Gene therapy for hearing loss is something that we physicians and scientists in the world of hearing loss have been working toward for over 20 years, and it is finally here,” said John A. Germiller, Associate Professor at Perelman School of Medicine at the University of Pennsylvania, in a press release.
The 11-year-old, who was born deaf and was living in a poor community in Morocco until last year when he moved to Spain with his family, was eligible for the study because his hearing loss was caused by OTOF mutations. This accounts for 2% to 8% of cases of congenital deafness, according to a Reuters report.
An eleven-year-old born with otoferlin gene (OTOF)-mediated hearing loss was the first patient to receive this gene therapy in the study. On October 4, 2023, the patient underwent a surgical procedure at CHOP where the gene therapy was placed into the inner ear using a device called an endoscope that allows the ear drum to be partially lifted, allowing an investigational medical device to be transiently inserted into the “round window,” a tiny entry point into the cochlea. A single, small dose of a gene therapy (AK-OTOF) containing copies of the normal OTOF gene was then delivered directly to the inner ear. This delivery method represents the first time a gene therapy has been used as a potential treatment for hereditary hearing loss in the United States.
The patient was born profoundly deaf in both ears. Now, almost four months since receiving the investigational gene therapy in one ear, the patient’s hearing has improved enough that he now has only mild to moderate hearing loss in the ear that was treated. The patient is literally hearing sound for the first time in his life. He can hear his father’s voice, the sound of a car passing by and even the scissors clipping his hair.
While hearing loss can be caused by a variety of factors, like illness, injury, aging, exposure to loud noises or malformations of the inner ear, it can also be caused by a variety of genetic mutations. To date, more than 150 different genes have been implicated in hearing loss, and about 1 in 500 newborns are affected by some form of genetic hearing loss.
To learn more about this clinical trial, visit the study.
One in 500 newborns is affected by genetic hearing loss globally.

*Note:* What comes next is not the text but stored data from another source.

(* Let $k$ be a number field, $\mathcal G$ a finite group, $H$ a finite abelian group, $\mu:\mathcal G\to\mathrm{Aut}(H)$ an action, $k_1/k$ a Galois extension with group identified with $\mathcal G$, and $\tau\in H$. Then $k_1Z_{k_1/k,\mu,\tau}=k_1(\zeta_{o(\tau)})$.
   Context: $o(\tau)$ is the order of $\tau$ and $\zeta_t$ a primitive $t$-th root of unity. Let $\nu_{k,\tau}:\mathrm{Gal}(k(\zeta_{o(\tau)})/k)\to(\mathbb Z/o(\tau))^*$ be given by $g(\zeta_{o(\tau)})=\zeta_{o(\tau)}^{\nu_{k,\tau}(g)}$; $\tilde G_{k,\mu,\tau}=\{(g_1,g_2)\in\mathcal G\times\mathrm{Gal}(k(\zeta_{o(\tau)})/k):\mu(g_1)(\tau)=\tau^{\nu_{k,\tau}(g_2)}\}$. Identify $\mathrm{Gal}(k_1(\zeta_{o(\tau)})/k)$ with its image in $\mathcal G\times\mathrm{Gal}(k(\zeta_{o(\tau)})/k)$ via $g\mapsto(g|_{k_1},g|_{k(\zeta_{o(\tau)})})$, put $\tilde G_{k_1/k,\mu,\tau}=\tilde G_{k,\mu,\tau}\cap\mathrm{Gal}(k_1(\zeta_{o(\tau)})/k)$, and let $Z_{k_1/k,\mu,\tau}$ be its fixed field in $k_1(\zeta_{o(\tau)})$. *)

From HB Require Import structures.
From mathcomp Require Import all_boot all_order all_algebra all_fingroup all_field.
From mathcomp Require Import boolp.
Set Implicit Arguments. Unset Strict Implicit. Unset Printing Implicit Defensive.
Import GRing.Theory.
Local Open Scope ring_scope.
Local Open Scope group_scope.

(* Setting: L a finite Galois-closed extension of Q (splittingFieldType rat) in which
   all fields live; k k1 : {subfield L}. zeta is a primitive #[tau]-th root of unity in L. *)

Section Tilde.
Variables (L : splittingFieldType rat) (k k1 : {subfield L}) (zeta : L).
Variables (gT hT : finGroupType) (G : {group gT}).
Variables (iota : {morphism 'Gal(k1 / k) >-> gT}) (mu : {morphism G >-> {perm hT}}).
Variable tau : hT.

Definition k1zeta : {subfield L} := <<k1; zeta>>%AS.

(* nu_{k,tau}(g2) = n  <->  g2(zeta) = zeta^n ; for g in Gal(k1(zeta)/k) the image in
   G x Gal(k(zeta)/k) is (g|_{k1}, g|_{k(zeta)}), and g|_{k(zeta)}(zeta) = g(zeta). *)
Definition in_Gtilde (g : gal_of k1zeta) : Prop :=
  exists2 h, h \in 'Gal(k1 / k) &
    (forall x, x \in k1 -> h x = g x) /\
    (exists n : nat, (g zeta = zeta ^+ n)%R /\ mu (iota h) tau = tau ^+ n).

Definition Gtilde : {set gal_of k1zeta} :=
  [set g in 'Gal(k1zeta / k) | `[< in_Gtilde g >] ].

Definition Zfield : {vspace L} := fixedField Gtilde.
End Tilde.

(* An automorphism g of k1(zeta) lying in tilde G and fixing k1 has trivial first
   component, so mu acts trivially on tau and tau = tau^n where g(zeta) = zeta^n;
   hence n = 1 mod o(tau) and g also fixes zeta, i.e. g = 1.  By the Galois
   correspondence, k1 Z is the fixed field of tilde G /\ Gal(k1(zeta)/k1) = 1. *)

From HB Require Import structures.
From mathcomp Require Import all_boot all_order all_algebra all_fingroup all_solvable all_field.
From mathcomp Require Import boolp.
Import GRing.Theory.
Local Open Scope ring_scope.
Local Open Scope group_scope.

Lemma prodv_fixedField_eq {F : fieldType} {L : splittingFieldType F}
    {E K : {subfield L}} (A : {group gal_of E}) :
  (K <= E)%VS -> A :&: 'Gal(E / K) \subset [1] -> (K * fixedField A)%VS = E.
Proof.
move=> sKE trivA; set M := (K * fixedField A)%AS.
have sME : (M <= E)%VS by rewrite prodv_sub ?fixedField_bound.
apply/eqP; rewrite eqEsubv sME /=.
have galME : galois M E.
  by apply: (galoisS (K := fixedField A)); rewrite ?field_subvMl ?fixedField_galois.
have sGalMA : 'Gal(E / M) \subset A.
  by rewrite -(genGid A) -gal_generated galS ?field_subvMl.
have sGalMK : 'Gal(E / M) \subset 'Gal(E / K) by rewrite galS ?field_subvMr.
move/galois_fixedField: galME => <-; apply/subvP=> x Ex.
apply/fixedFieldP=> // g galg.
have /set1gP -> : g \in [1].
  by apply: (subsetP trivA); rewrite inE (subsetP sGalMA) ?(subsetP sGalMK).
by rewrite gal_id.
Qed.

Section Gtilde.

Variables (L : splittingFieldType rat) (k k1 : {subfield L}) (zeta : L).
Variables (gT hT : finGroupType) (G : {group gT}) (H : {group hT}).
Variables (iota : {morphism 'Gal(k1 / k) >-> gT}) (mu : {morphism G >-> {perm hT}}).
Variable tau : hT.

Local Notation E := (k1zeta k1 zeta).

Lemma Gtilde_group_set :
  isom 'Gal(k1 / k) G iota -> mu @* G \subset Aut H -> tau \in H ->
  group_set (Gtilde zeta iota mu tau).
Proof.
move=> /isomP[_ imG] sAut Htau.
have AutH a : a \in G -> mu a \in Aut H.
  by move=> Ga; apply: (subsetP sAut); rewrite mem_morphim.
have iotaG h : h \in 'Gal(k1 / k) -> iota h \in G by move=> Gh; rewrite -imG mem_morphim.
apply/group_setP; split.
  rewrite inE group1; apply/asboolP; exists 1 => //; split=> [x _|]; first by rewrite !gal_id.
  by exists 1%N; rewrite gal_id expr1 expg1 !morph1 perm1.
move=> g1 g2; rewrite !inE => /andP[Gg1 /asboolP[h1 Gh1 [e1 [n1 [z1 t1]]]]].
move=> /andP[Gg2 /asboolP[h2 Gh2 [e2 [n2 [z2 t2]]]]].
rewrite groupM //=; apply/asboolP; exists (h1 * h2); first exact: groupM.
split=> [x k1x|].
  by rewrite !galM ?(subvP (subv_adjoin k1 zeta)) // -e1 ?e2 ?memv_gal.
exists (n2 * n1)%N; split; first by rewrite galM ?memv_adjoin // z1 rmorphXn /= z2 -exprM.
(* mu (iota h2) is a group automorphism of H, so it commutes with powers of tau *)
rewrite !morphM ?iotaG ?mem_morphim //= permM t1.
by rewrite -(autmE (AutH _ (iotaG _ Gh2))) morphX //= autmE t2 -expgM mulnC.
Qed.

Lemma Gtilde_fixing_k1_fixes_zeta :
  (#[tau]).-primitive_root zeta ->
  forall g, g \in Gtilde zeta iota mu tau -> g \in 'Gal(E / k1) -> g zeta = zeta.
Proof.
move=> prim g; rewrite inE => /andP[_ /asboolP[h _ [eh [n [zn tn]]]]] galg.
have h1 : h = 1.
  by apply/eqP/gal_eqP=> x k1x; rewrite eh // (fixed_gal (subv_adjoin k1 zeta)) // gal_id.
move: tn; rewrite h1 !morph1 perm1 -{1}(expg1 tau) => /eqP.
rewrite eq_expg_mod_order => /eqP n1.
by rewrite zn -(prim_expr_mod prim) -n1 prim_expr_mod.
Qed.

Lemma Gtilde_Gal_k1_trivial :
  (#[tau]).-primitive_root zeta ->
  Gtilde zeta iota mu tau :&: 'Gal(E / k1) \subset [1].
Proof.
move=> prim; apply/subsetP=> g /setIP[Ag galg]; apply/set1gP/eqP.
rewrite (gal_adjoin_eq galg (group1 _)) gal_id.
by rewrite (Gtilde_fixing_k1_fixes_zeta prim _ Ag galg).
Qed.

End Gtilde.

Arguments Gtilde_group_set {L k k1} zeta {gT hT G H iota mu tau}.
Arguments Gtilde_Gal_k1_trivial {L k k1 zeta gT hT G iota mu tau}.

Theorem mainTheorem15
  (L : splittingFieldType rat) (k k1 : {subfield L})
  (gT hT : finGroupType) (G : {group gT}) (H : {group hT})
  (iota : {morphism 'Gal(k1 / k) >-> gT})
  (mu : {morphism G >-> {perm hT}})
  (tau : hT) (zeta : L) :
  galois k k1 ->
  isom 'Gal(k1 / k) G iota ->
  abelian H ->
  (mu @* G \subset Aut H)%g ->
  tau \in H ->
  (#[tau]%g).-primitive_root zeta ->
  (k1 * Zfield zeta iota mu tau)%VS = (k1zeta k1 zeta)%VS.
Proof.
move=> _ isoI _ sAut Htau prim.
pose A := Group (Gtilde_group_set zeta isoI sAut Htau).
have := prodv_fixedField_eq A (subv_adjoin k1 zeta) (Gtilde_Gal_k1_trivial prim).
by rewrite /Zfield.
Qed.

One in every 500 newborns has congenital or prelingual hearing loss with a severity that will affect language development.
In at least 50%, a genetic etiology can eventually be identified. Roughly 25% can be attributed to acquired etiologies like infections, and still a large portion remains of unknown origin. Hereditary hearing impairment (HHI) can be classified in different ways based on the identified locus of the gene defect, inheritance pattern, age of onset, audiological, and clinical phenotype.